You are viewing a preview of this job. Log in or register to view more details about this job.

Machine Learning Data Scientist Intern, Infrastructure Data Center (PhD)

As we plan to grow our Data Center organization, we need to ​leverage data to drive decisions and ​introduce automation, predictability & optimization to allow us to operate ​efficiently and reliably at scale. Our data scientist team identifies business problems and solves them by using various numerical techniques, algorithms, and models in Operations Research, Data Science, and Data Mining. In this role, your primary responsibility will be to partner with key stakeholders and lead the development of an analytics program to support and enable the continued growth critical to Meta's Data Center organization. You will have the opportunity to work on a broad spectrum of areas such as Supply Chain Optimization, Inventory & Capacity Planning, Process Design & Optimization, Financial Modeling and Demand Forecasting.

The ideal candidate will have a passion for working in white space and creating impact from the ground up in a fast-paced environment. Additionally, you will have a proven track record of thought leadership and impact in developing similar analytics and metrics based programs.

This is a 12-week internship supporting our Infrastructure Data Center team and located in Fremont, CA.
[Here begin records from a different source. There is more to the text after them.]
(* Let $\mathbf m\in\mathcal M$, $z_0\in\mathbb C\setminus\operatorname{supp}\mathbf m$ with $u:=G_{\mathbf m}(z_0)\ne0$, and $c\in\mathbb R$. Then the set $\{z\in\mathbb C\setminus\operatorname{supp}\mathbf m:\operatorname{Re}\mathcal S_u(z)>c\}$ has exactly one unbounded connected component, and likewise $\{z\in\mathbb C\setminus\operatorname{supp}\mathbf m:\operatorname{Re}\mathcal S_u(z)<c\}$ has exactly one unbounded connected component.
   Context: $\mathcal M$ is the set of compactly supported Borel probability measures on $\mathbb R$; $G_{\mathbf m}(z)=\int\frac{d\mathbf m(x)}{z-x}$. For $u\ne0$, $\operatorname{Re}\mathcal S_u(z)=\operatorname{Re}(zu)-\int\log|z-x|\,d\mathbf m(x)-\log|u|$ (the real part of $\mathcal S_u(z)=zu-\int\log(z-x)d\mathbf m(x)-\log u$). *)

From mathcomp Require Import all_boot all_order all_algebra.
From mathcomp Require Import complex.
From mathcomp Require Import all_classical all_reals all_analysis.
Import numFieldNormedType.Exports.
Import Order.TTheory GRing.Theory Num.Theory.
Local Open Scope classical_set_scope.
Local Open Scope ring_scope.

Set Implicit Arguments.
Unset Strict Implicit.
Unset Printing Implicit Defensive.

(* The complex plane, as a topological space, is R * R (product topology);
   a point z = (z.1, z.2) stands for z.1 + i z.2. *)
Definition plane (R : realType) := (R * R)%type.

Definition cpx (R : realType) (z : plane R) : R[i] := (z.1 +i* z.2)%C.

Definition rcpx (R : realType) (x : R) : R[i] := (x +i* 0)%C.

Definition cmod (R : realType) (w : R[i]) : R :=
  Num.sqrt (complex.Re w ^+ 2 + complex.Im w ^+ 2).

Definition supp (R : realType) (m : probability R R) : set R :=
  [set x | forall U : set R, open U -> U x -> (0 < m U)%E].

Definition compactly_supported (R : realType) (m : probability R R) : Prop :=
  compact (supp m).

Definition off_supp (R : realType) (m : probability R R) : set (plane R) :=
  [set z | ~ (z.2 = 0 /\ supp m z.1)].

Definition cauchy_transform (R : realType) (m : probability R R) (z : plane R)
  : R[i] :=
  (Rintegral m setT (fun x => complex.Re ((cpx z - rcpx x)^-1))
   +i* Rintegral m setT (fun x => complex.Im ((cpx z - rcpx x)^-1)))%C.

Definition ReS (R : realType) (m : probability R R) (u : R[i]) (z : plane R)
  : R :=
  complex.Re (cpx z * u)
  - Rintegral m setT (fun x => ln (cmod (cpx z - rcpx x)))
  - ln (cmod u).

Definition pnorm (R : realType) (z : plane R) : R := cmod (cpx z).

Definition unbounded (R : realType) (A : set (plane R)) : Prop :=
  ~ (exists M : R, forall z, A z -> pnorm z <= M).

Definition unique_unbounded_component (R : realType) (A : set (plane R))
  : Prop :=
  exists z, A z /\ unbounded (connected_component A z) /\
    forall w, A w -> unbounded (connected_component A w) ->
      connected_component A w = connected_component A z.

From mathcomp Require Import all_boot all_order all_algebra.
From mathcomp Require Import complex.
From mathcomp Require Import all_classical all_reals all_analysis.
From mathcomp Require Import ring lra measurable_realfun.
Import numFieldNormedType.Exports.
Import Order.TTheory GRing.Theory Num.Theory.
Local Open Scope classical_set_scope.
Local Open Scope ring_scope.
Set Implicit Arguments.
Unset Strict Implicit.
Unset Printing Implicit Defensive.

(* Identify C with R^2, write u = p - i q and v := (p, q), a := |v| = |u| > 0.
   Then Re S_u(z) = <z, v> - L(z) - log a, where L(z) = \int log |z - x| dm(x)
   is the logarithmic potential of m.  As m lives on some [-K, K]:
   (1) log (|z| / 2) <= L(z) <= log (2 |z|)    when |z| >= 2K,
   (2) L(w) - L(z) <= 2 |w - z| / |z|          when |z|, |w| >= 2K.
   By (1), Re S_u -> +oo along the ray r v and -> -oo along the ray - r v
   (r -> +oo); far enough out, these rays lie in the super- resp. sub-level
   set and give an unbounded connected piece of it.  Conversely, a far point z
   of the super-level set has <z, v> >= 0, Re S_u increases along z + t v by
   (2), and once <z + t v, v> is large the segment from z + t v to its
   orthogonal projection on R v stays in the set by (1) and ends on the ray.
   The sub-level set is treated in the same way with - v. *)

Section EuclideanPlane.
Variable R : realType.
Implicit Types (p z w : plane R) (s t : R).

Definition dotp z w : R := z.1 * w.1 + z.2 * w.2.

Lemma dotpDl z w x : dotp (z + w) x = dotp z x + dotp w x.
Proof. rewrite /dotp /=; ring. Qed.

Lemma dotpZl t z w : dotp (t *: z) w = t * dotp z w.
Proof. rewrite /dotp /= -![t *: _]/(t * _); ring. Qed.

Lemma pnorm_ge0 z : 0 <= pnorm z.
Proof. exact: sqrtr_ge0. Qed.

Lemma pnorm_sqr z : pnorm z ^+ 2 = z.1 ^+ 2 + z.2 ^+ 2.
Proof. by rewrite /pnorm /cmod /= sqr_sqrtr // addr_ge0 // sqr_ge0. Qed.

Lemma dotp_self z : dotp z z = pnorm z ^+ 2.
Proof. by rewrite pnorm_sqr /dotp !expr2. Qed.

Lemma pnorm_le z s : 0 <= s -> z.1 ^+ 2 + z.2 ^+ 2 <= s ^+ 2 -> pnorm z <= s.
Proof.
move=> s0 h; rewrite -(ler_pXn2r (n := 2)) ?nnegrE ?pnorm_ge0 //.
by rewrite pnorm_sqr.
Qed.

Lemma pnorm_ge z s : s ^+ 2 <= z.1 ^+ 2 + z.2 ^+ 2 -> s <= pnorm z.
Proof.
have n0 := pnorm_ge0 z; case: (lerP s 0) => [s0 _|s0]; first exact: le_trans n0.
move=> h; rewrite -(ler_pXn2r (n := 2)) ?nnegrE ?(ltW s0) //.
by rewrite pnorm_sqr.
Qed.

Lemma pnormZ t z : pnorm (t *: z) = `|t| * pnorm z.
Proof.
by rewrite /pnorm /cmod /= !exprMn -mulrDr sqrtrM ?sqr_ge0 // sqrtr_sqr.
Qed.

Lemma pnormN z : pnorm (- z) = pnorm z.
Proof. by rewrite -scaleN1r pnormZ normrN1 mul1r. Qed.

Lemma pnorm_gt0 z : z != 0 -> 0 < pnorm z.
Proof.
move=> z0; rewrite lt_def pnorm_ge0 andbT; apply: contra z0 => /eqP h.
have : z.1 ^+ 2 + z.2 ^+ 2 == 0 by rewrite -pnorm_sqr h expr0n.
rewrite paddr_eq0 ?sqr_ge0 // !sqrf_eq0 => /andP[/eqP h1 /eqP h2].
by apply/eqP; case: z h1 h2 {h} => /= ? ? -> ->.
Qed.

Lemma pnorm_real (x : R) : pnorm (x, 0) = `|x|.
Proof. by rewrite /pnorm /cmod /= expr0n addr0 sqrtr_sqr. Qed.

Lemma dotp_le z w : dotp z w <= pnorm z * pnorm w.
Proof.
have n1 := pnorm_ge0 z; have n2 := pnorm_ge0 w.
case: (lerP (dotp z w) 0) => h; first by apply: le_trans h _; exact: mulr_ge0.
rewrite -(ler_pXn2r (n := 2)) ?nnegrE ?(ltW h) ?mulr_ge0 //.
rewrite exprMn !pnorm_sqr /dotp; have := sqr_ge0 (z.1 * w.2 - z.2 * w.1); nra.
Qed.

Lemma norm_dotp_le z w : `|dotp z w| <= pnorm z * pnorm w.
Proof.
rewrite ler_norml dotp_le andbT; have := dotp_le (- z) w.
by rewrite pnormN /dotp /=; lra.
Qed.

Lemma pnormD z w : pnorm (z + w) <= pnorm z + pnorm w.
Proof.
apply: pnorm_le; first by rewrite addr_ge0 ?pnorm_ge0.
have := dotp_le z w; have := pnorm_sqr z; have := pnorm_sqr w.
rewrite /dotp /=; nra.
Qed.

Lemma pnorm_shift_sqr z w t :
  pnorm (z + t *: w) ^+ 2 =
    pnorm z ^+ 2 + 2 * t * dotp z w + t ^+ 2 * pnorm w ^+ 2.
Proof. rewrite !pnorm_sqr /dotp /= -![t *: _]/(t * _); ring. Qed.

Lemma pnorm_advance z w t : 0 <= dotp z w -> 0 <= t ->
  pnorm z <= pnorm (z + t *: w).
Proof.
move=> d0 t0; apply: pnorm_ge; rewrite -!pnorm_sqr pnorm_shift_sqr.
have : 0 <= t * dotp z w by exact: mulr_ge0.
have := sqr_ge0 t; have := sqr_ge0 (pnorm w); nra.
Qed.

Lemma pnorm_retreat z w t : 2 * dotp z w <= pnorm w * pnorm z -> 0 <= t ->
  pnorm z / 2 <= pnorm (z - t *: w).
Proof.
move=> hd t0; apply: pnorm_ge; rewrite -!pnorm_sqr -scaleNr pnorm_shift_sqr.
have := sqr_ge0 (t * pnorm w - pnorm z / 2).
have : 0 <= t * (pnorm w * pnorm z - 2 * dotp z w).
  by rewrite mulr_ge0 // subr_ge0.
nra.
Qed.

Definition proj w p : plane R := (dotp p w / pnorm w ^+ 2) *: w.

Lemma proj_segment w p s : w != 0 -> 0 <= s <= 1 ->
  dotp (p + s *: (proj w p - p)) w = dotp p w /\
  pnorm (p + s *: (proj w p - p)) <= pnorm p.
Proof.
move=> w0 /andP[s0 s1]; have wp := pnorm_gt0 w0.
have w2 : pnorm w ^+ 2 != 0 by rewrite expf_neq0 // gt_eqF.
set d := dotp p w; set q := p + _.
have q_convex : q = (1 - s) *: p + s *: proj w p.
  by rewrite /q scalerBr scalerBl scale1r addrA addrAC.
split; first by rewrite q_convex dotpDl !dotpZl dotp_self mulfVK // /d; ring.
have hproj : pnorm (proj w p) <= pnorm p.
  rewrite /proj pnormZ normrM normfV normrX (ger0_norm (pnorm_ge0 w)).
  rewrite expr2 invfM mulrA mulfVK ?gt_eqF //.
  by rewrite ler_pdivrMr //; exact: norm_dotp_le.
rewrite q_convex; apply: le_trans (pnormD _ _) _.
rewrite [pnorm ((1 - s) *: _)]pnormZ [pnorm (s *: _)]pnormZ (ger0_norm s0).
rewrite ger0_norm ?subr_ge0 //; have := ler_wpM2l s0 hproj; lra.
Qed.

End EuclideanPlane.

Section LogInequalities.
Variable R : realType.

Lemma ln_le_subr1 (x : R) : 0 < x -> ln x <= x - 1.
Proof.
move=> x0; have := @le_ln1Dx R (x - 1); rewrite addrCA subrr addr0.
by apply; lra.
Qed.

Lemma ln_le_tangent (y b : R) : 0 < y -> 0 < b -> ln y <= b * y - ln b.
Proof.
move=> y0 b0; have := ln_le_subr1 (mulr_gt0 b0 y0).
by rewrite lnM ?posrE //; lra.
Qed.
Machine Learning Data Scientist Intern, Infrastructure Data Center Responsibilities
  • Apply Machine Learning (ML), statistical modeling, & AI algorithms to large-scale distributed systems, forecasting systems and scheduling systems.
  • Build pragmatic, scalable, and statistically rigorous solutions for data center infrastructure problems by leveraging or developing state-of-the-art machine learning methodologies on top of Facebook's unparalleled data infrastructure.
  • Partner with internal stakeholders on projects to identify and articulate opportunities, see beyond the data to identify solutions that will raise the bar for decision making.
  • Collaborate with cross-functional data and product teams across business applications to access and manipulate data, explain data gathering requirements, display results, and build efficient and scalable analytics solutions.
  • Recommend process changes based on robust analysis of operational data and user behavior to improve overall business performance.
  • Communicate final recommendations and drive decision making.

Minimum Qualifications
  • Pursuing MS or PhD in quantitative field such as Operations Research, Computer Science, Quantitative Finance, Math, Physics or a related Engineering degree
  • Knowledge of Statistics & Probability (e.g. Hypothesis testing, Regression)
  • Familiar with SQL. Ability to program in one programming language (Python or C++)
  • Experience in modeling and analyzing large-scale structured and unstructured data using Python or R.
  • Knowledge of Machine learning and Deep learning algorithms.
  • Experience in building machine learning models and new frameworks in academia and/or industry

Preferred Qualifications
  • Currently has, or is in the process of obtaining a MS degree or PhD in an analytical field (e.g. Computer Science, Engineering, Mathematics, Statistics, Operations Research, Management Science).
  • Deep expertise in one of the areas - Graph Learning, NLP, Time series models or Deep learning methods.
  • Familiarity with visualization tools (such as Tableau).
  • Experience writing testable code and shipping code into production.
  • Hands-on experience working on operational problems in an industrial environment.